Drive already mounted at /content/drive; to attempt to forcibly remount, call drive.mount("/content/drive", force_remount=True).


In [10]:
import shutil
import os
from google.colab import files

# Define the folder to zip
folder_to_zip = '/content/ocr_output'

# Define the output zip file name
output_filename = 'ocr_output.zip'

# Create the zip file, specifying the full output path
shutil.make_archive(os.path.join(os.getcwd(), output_filename[:-4]), 'zip', folder_to_zip)
# The above change ensures the archive is created with the specified name in the current working directory

# Download the zip file using the full path
files.download(os.path.join(os.getcwd(), output_filename))
# The above change provides the full path to the download function.

<IPython.core.display.Javascript object>

<IPython.core.display.Javascript object>

## Maitenance Scripts - Files

In [11]:
# maintenance script to delete the subfolders and files in the directory /content/ocr_output

# Define the directory to clean
output_root = Path("ocr_output")

# Safety check: make sure the directory exists
if output_root.exists() and output_root.is_dir():
    # Loop through all subfolders and files
    for item in output_root.iterdir():
        try:
            if item.is_dir():
                shutil.rmtree(item)  # Delete entire subdirectory
                print(f"Deleted folder: {item}")
            else:
                item.unlink()  # Delete file
                print(f"Deleted file: {item}")
        except Exception as e:
            print(f"Failed to delete {item}: {e}")
else:
    print(f"Directory {output_root} does not exist.")
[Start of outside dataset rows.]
(* Suppose $F$ is symmetric, i.e. $F(-i)=1-F(i)$ for all $i\in[-1/2,1/2]$, and let $\sigma=q_H/q_L$. Then the value $V(R)$ of the recommendation system, as a function of the threshold $R\in(0,1)$, is (i) decreasing in $R$ if $\sigma<1$; (ii) increasing in $R$ if $\sigma>1$; (iii) constant in $R$ if $\sigma=1$.
   Context: Setting. Consumer types are $i\in[-1/2,1/2]$, distributed according to a continuous cumulative distribution function $F$ with full support on $[-1/2,1/2]$. A product has a quality vector $(Q_1,Q_2)\in\{0,1\}^2$; a type-$i$ consumer gets payoff $(1/2+i)Q_1+(1/2-i)Q_2$ from it. The versions $(1,1),(1,0),(0,1),(0,0)$ have prior probabilities $q_H,q_1,q_2,q_L$ respectively, all strictly positive and summing to $1$. One product carries a recommendation from a sender whose type is drawn from $F$ independently of the product; given a threshold $R\in(0,1)$, the sender gives a buy recommendation $B$ if her payoff from the product is at least $R$ and a don't-buy recommendation $D$ otherwise. Let $\phi_1(R)=1-F(R-1/2)$, $\phi_2(R)=F(1/2-R)$, $\pi^B=q_H+q_1\phi_1(R)+q_2\phi_2(R)$, $\pi^D=1-\pi^B$. Posteriors: $p^B_H=q_H/\pi^B$, $p^B_1=q_1\phi_1(R)/\pi^B$, $p^B_2=q_2\phi_2(R)/\pi^B$, $p^B_L=0$; $p^D_H=0$, $p^D_1=q_1(1-\phi_1(R))/\pi^D$, $p^D_2=q_2(1-\phi_2(R))/\pi^D$, $p^D_L=q_L/\pi^D$. For $r\in\{B,D\}$ let $U_i^r=p_H^r+(1/2+i)p_1^r+(1/2-i)p_2^r$ and $U_i^0=q_H+(1/2+i)q_1+(1/2-i)q_2$. The value of the recommendation system is $V(R)=\pi^B\int_{-1/2}^{1/2}\max\{U_i^B-U_i^0,0\}\,dF(i)+\pi^D\int_{-1/2}^{1/2}\max\{U_i^D-U_i^0,0\}\,dF(i)$, the expected payoff gain of a receiver drawn from $F$ who optimally chooses between the recommended product and an unrecommended alternative. *)

From mathcomp Require Import all_boot all_order all_algebra.
From mathcomp Require Import all_classical all_reals all_analysis.
Import Order.TTheory GRing.Theory Num.Theory.
Import numFieldNormedType.Exports.
Local Open Scope classical_set_scope.
Local Open Scope ring_scope.
Theorem lemma4 (N n : nat) (gamma : R) (gS gD : nat -> R) (eps x1 : R) :
  (1 <= N)%nat -> (1 <= n)%nat -> 0 < gamma ->
  (forall k, (1 <= k <= N)%nat -> 0 < gS k) ->
  (forall k, (1 <= k <= N)%nat -> 0 < gD k) ->
  (forall k, (1 <= k < N)%nat -> gS k <= gS (S k)) ->
  0 < eps < / 2 ->
  constr N n gamma gS gD eps (fun _ => x1) = 0 ->
  Rbar_le (Finite (Qinv eps * sumR 1 N (ccoef gamma gS)))
          (v0 N n gamma gS gD eps) /\
  Rbar_le (v0 N n gamma gS gD eps)
          (Finite (x1 * sumR 1 N (ccoef gamma gS))).
Proof.
  intros HN _ Hgamma HgS _ _ Heps Hc.
  assert (Heps_half : 0 < eps <= 1 / 2) by lra.
  assert (Hx1 : 0 <= x1).
  { apply Qf_le_rev; rewrite Qf0.
    generalize (Qf_le_constr N n gamma gS gD Hgamma HgS eps (fun _ => x1) 1 ltac:(lia)); lra. }
  unfold v0; destruct (Glb_Rbar_correct (fun v => exists x,
    feasible N n gamma gS gD eps x /\ v = objective N gamma gS x)) as [Hlb Hglb].
  split.
  - apply Hglb; intros v [x [Hx ->]]; apply (objective_ge_Qinv N n gamma gS gD); assumption.
  - apply Hlb; exists (fun _ => x1); split.
    + split; [exact Hc | intros; exact Hx1].
    + symmetry; apply objective_const.
Qed.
Deleted folder: ocr_output/2101.03961v3
Deleted folder: ocr_output/2402.03300v3
Deleted folder: ocr_output/1804.07821v1


In [12]:
# maintenance script to delete the subfolders and files in the directory /content/pdfs-done

# Define the directory to clean
output_root = Path("pdfs-done")

# Safety check: make sure the directory exists
if output_root.exists() and output_root.is_dir():
    # Loop through all subfolders and files
    for item in output_root.iterdir():
        try:
            if item.is_dir():
                shutil.rmtree(item)  # Delete entire subdirectory
                print(f"Deleted folder: {item}")
            else:
                item.unlink()  # Delete file
                print(f"Deleted file: {item}")
        except Exception as e:
            print(f"Failed to delete {item}: {e}")
else:
    print(f"Directory {output_root} does not exist.")

Deleted file: pdfs-done/1804.07821v1.pdf
Deleted file: pdfs-done/2402.03300v3.pdf
Deleted file: pdfs-done/2101.03961v3.pdf


# ✅ Conclusion

This notebook walked through a complete pipeline for batch OCR processing of PDF files using the **Mistral AI API** in Google Colab.  
You learned how to:
- Authenticate with the API securely
- Process multiple PDFs from a specified folder
- Save and format the OCR output in both JSON and Markdown
- Export the results in a zipped archive

This setup is ideal for automating large-scale document understanding tasks.
You can now customize the workflow, improve prompt engineering, or extend it with translation/post-processing as needed.